Kaplan tuned out the man's discomfort, but couldn't dull his own. Taking up a position on the opposite side of the door from Fero, where he could see the stairs, he tilted his head back, propping himself against the wall.

His team didn't need to know his nose threatened to bleed. Except for his cousin Sun, the team's other psi-specialist, they didn't have clearance to discuss his health issues—any Rha Si issues. And they needed to focus on their jobs, find out what was happening with the Xykeree and the local situation.

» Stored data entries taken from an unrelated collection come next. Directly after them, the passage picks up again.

(* Let $\boldsymbol{\pi}\sim SP(\boldsymbol{\mu},\boldsymbol{\omega},\boldsymbol{\sigma},\psi,p_\text{b})$, where $p_\text{b}(\boldsymbol{\pi})>0$ for every partition $\boldsymbol{\pi}$ of $\{1,\dots,n\}$. Let $\boldsymbol{\omega}=\omega\times(s_1,\dots,s_n)$ with each $s_i\in\{0,1\}$, and let $\psi\in(0,1)$. Let $a=n-\sum_{i=1}^n s_i$ be the number of items with shrinkage equal to zero. Let $b$ be the number of clusters of $\boldsymbol{\mu}$ containing at least one item $i$ with $s_i=1$. Then, as $\omega\to\infty$, the number of limiting partitions of this SP distribution equals $B(a,b)$.
   Context: Partitions of $\{1,\dots,n\}$ are encoded as vectors of cluster labels $\boldsymbol{\pi}=(\pi_1,\dots,\pi_n)$ in canonical form: item 1 gets label 1, and each subsequent item that is not clustered with an earlier item gets the next unused integer. Two items share a label iff they are in the same cluster. Shrinkage partition (SP) distribution. The ingredients are: - an anchor partition $\boldsymbol{\mu}=(\mu_1,\dots,\mu_n)$; - a shrinkage vector $\boldsymbol{\omega}=(\omega_1,\dots,\omega_n)$ with $\omega_i\ge0$; - a permutation $\boldsymbol{\sigma}$ of $\{1,\dots,n\}$, giving the allocation order (the $k$-th item allocated is $\sigma_k$); - a grit parameter $\psi\in\mathbb{R}$; - a baseline partition distribution $p_\text{b}$ given by a conditional allocation probability function $\Pr_\text{b}(\pi_{\sigma_k}=c\mid\pi_{\sigma_1},\dots,\pi_{\sigma_{k-1}})$, so that $p_\text{b}(\boldsymbol{\pi})=\prod_k\Pr_\text{b}(\pi_{\sigma_k}\mid\cdot)$. At step $k\ge2$, the admissible values of $c$ are the existing labels $\{\pi_{\sigma_1},\dots,\pi_{\sigma_{k-1}}\}$ and the new label $|\{\pi_{\sigma_1},\dots,\pi_{\sigma_{k-1}}\}|+1$. The anchor factor is $$\Pr_\text{a}(\pi_{\sigma_k}=c\mid\cdot)\propto\exp\!\Big(\frac{\omega_{\sigma_k}}{(k-1)^2}\Big[\Big(\sum_{j=1}^{k-1}\omega_{\sigma_j}I\{\pi_{\sigma_j}=c\}I\{\mu_{\sigma_j}=\mu_{\sigma_k}\}\Big)^2-\psi\Big(\sum_{j=1}^{k-1}\omega_{\sigma_j}I\{\pi_{\sigma_j}=c\}\Big)^2\Big]\Big).$$ The SP allocation probability is $\Pr_\text{sp}(\pi_{\sigma_k}=c\mid\cdot)\propto\Pr_\text{b}(\pi_{\sigma_k}=c\mid\cdot)\Pr_\text{a}(\pi_{\sigma_k}=c\mid\cdot)$, normalized over the admissible $c$. The first item gets label 1. The pmf is $\prod_{k=2}^n\Pr_\text{sp}(\pi_{\sigma_k}\mid\cdot)$, and this distribution is denoted $SP(\boldsymbol{\mu},\boldsymbol{\omega},\boldsymbol{\sigma},\psi,p_\text{b})$. Limiting partition: for $\boldsymbol{\omega}=\omega\times(s_1,\dots,s_n)$ with fixed scalars $s_i$, a partition is a limiting partition if its probability has a non-zero limit as $\omega\to\infty$. Extended Bell numbers: $B(a,b)$ for nonnegative integers $a,b$ is defined by $B(0,b)=1$ and $B(a+1,b)=b\,B(a,b)+B(a,b+1)$. Equivalently, $B(a,b)$ is the number of ways to allocate $a$ items among $b$ already-existing clusters, allowing new clusters to be formed; $B(a,0)$ is the $a$-th Bell number. *)

From HB Require Import structures.
From mathcomp Require Import all_boot all_order all_algebra all_fingroup.
From mathcomp Require Import all_classical all_reals all_analysis.
Set Implicit Arguments. Unset Strict Implicit. Unset Printing Implicit Defensive.
Import Order.TTheory GRing.Theory Num.Theory.
Import numFieldNormedType.Exports.
Local Open Scope classical_set_scope.
Local Open Scope ring_scope.

(* Conventions: items are 'I_n = {0,...,n-1} (item i+1 of the paper is i);
   labels are 0-based (label c+1 of the paper is c).  A partition is a
   label vector p : {ffun 'I_n -> 'I_n} in canonical form. *)

Definition prev_labels n (p : {ffun 'I_n -> 'I_n}) (i : 'I_n) : seq 'I_n :=
  [seq p j | j : 'I_n <- enum 'I_n & (val j < val i)%N].

Definition canon_part n (p : {ffun 'I_n -> 'I_n}) : bool :=
  [forall i : 'I_n, (p i \in prev_labels p i)
                    || (val (p i) == size (undup (prev_labels p i)))].

Definition alloc_seq n (p : {ffun 'I_n -> 'I_n}) (sigma : {perm 'I_n}) : seq 'I_n :=
  [seq p (sigma k) | k <- enum 'I_n].

(* label of the k-th allocated item when the partition is labelled
   canonically in allocation order (0-based): the number of distinct
   clusters seen before the first occurrence of its cluster *)
Definition alloc_label n (p : {ffun 'I_n -> 'I_n}) (sigma : {perm 'I_n}) (k : 'I_n) : nat :=
  let s := alloc_seq p sigma in
  size (undup (take (index (p (sigma k)) s) s)).

Definition alloc_prefix n (p : {ffun 'I_n -> 'I_n}) (sigma : {perm 'I_n}) (k : 'I_n) : seq nat :=
  [seq alloc_label p sigma j | j : 'I_n <- enum 'I_n & (val j < val k)%N].

(* number of existing clusters at step k; admissible labels are 0..m *)
Definition n_existing n (p : {ffun 'I_n -> 'I_n}) (sigma : {perm 'I_n}) (k : 'I_n) : nat :=
  size (undup (alloc_prefix p sigma k)).

Section SP.
Variable R : realType.

(* A baseline partition distribution is given by its conditional allocation
   probabilities: prb k prefix c = Pr_b(label of sigma_k = c | labels of
   sigma_0..sigma_(k-1) = prefix). *)
Definition baseline_pmf n (prb : nat -> seq nat -> nat -> R) (sigma : {perm 'I_n})
  (p : {ffun 'I_n -> 'I_n}) : R :=
  \prod_(k : 'I_n | (0 < k)%N) prb k (alloc_prefix p sigma k) (alloc_label p sigma k).

(* anchor factor (unnormalized) for step k (0-based, so k = (paper's k) - 1) *)
Definition anchor_factor n (mu : {ffun 'I_n -> 'I_n}) (w : 'I_n -> R)
  (sigma : {perm 'I_n}) (psi : R) (p : {ffun 'I_n -> 'I_n}) (k : 'I_n) (c : nat) : R :=
  expR (w (sigma k) / (k%:R ^+ 2) *
    ((\sum_(j : 'I_n | (j < k)%N)
        w (sigma j) * ((alloc_label p sigma j == c) && (mu (sigma j) == mu (sigma k)))%:R) ^+ 2
     - psi * (\sum_(j : 'I_n | (j < k)%N)
        w (sigma j) * (alloc_label p sigma j == c)%:R) ^+ 2)).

The crowd around him had already given him valuable intel. Tirus 7's port was in crisis. A sandstorm had caused delays, and the communication issues plaguing the planet were making things worse. As were the Xykeree. The Bullhead was taking up multiple docking slots, and wasn't going anywhere until repairs were complete. If that wasn't bad enough, corrupt port staff were making the most of the mess. The black-market price for docking priority had gone up dramatically over the last hour.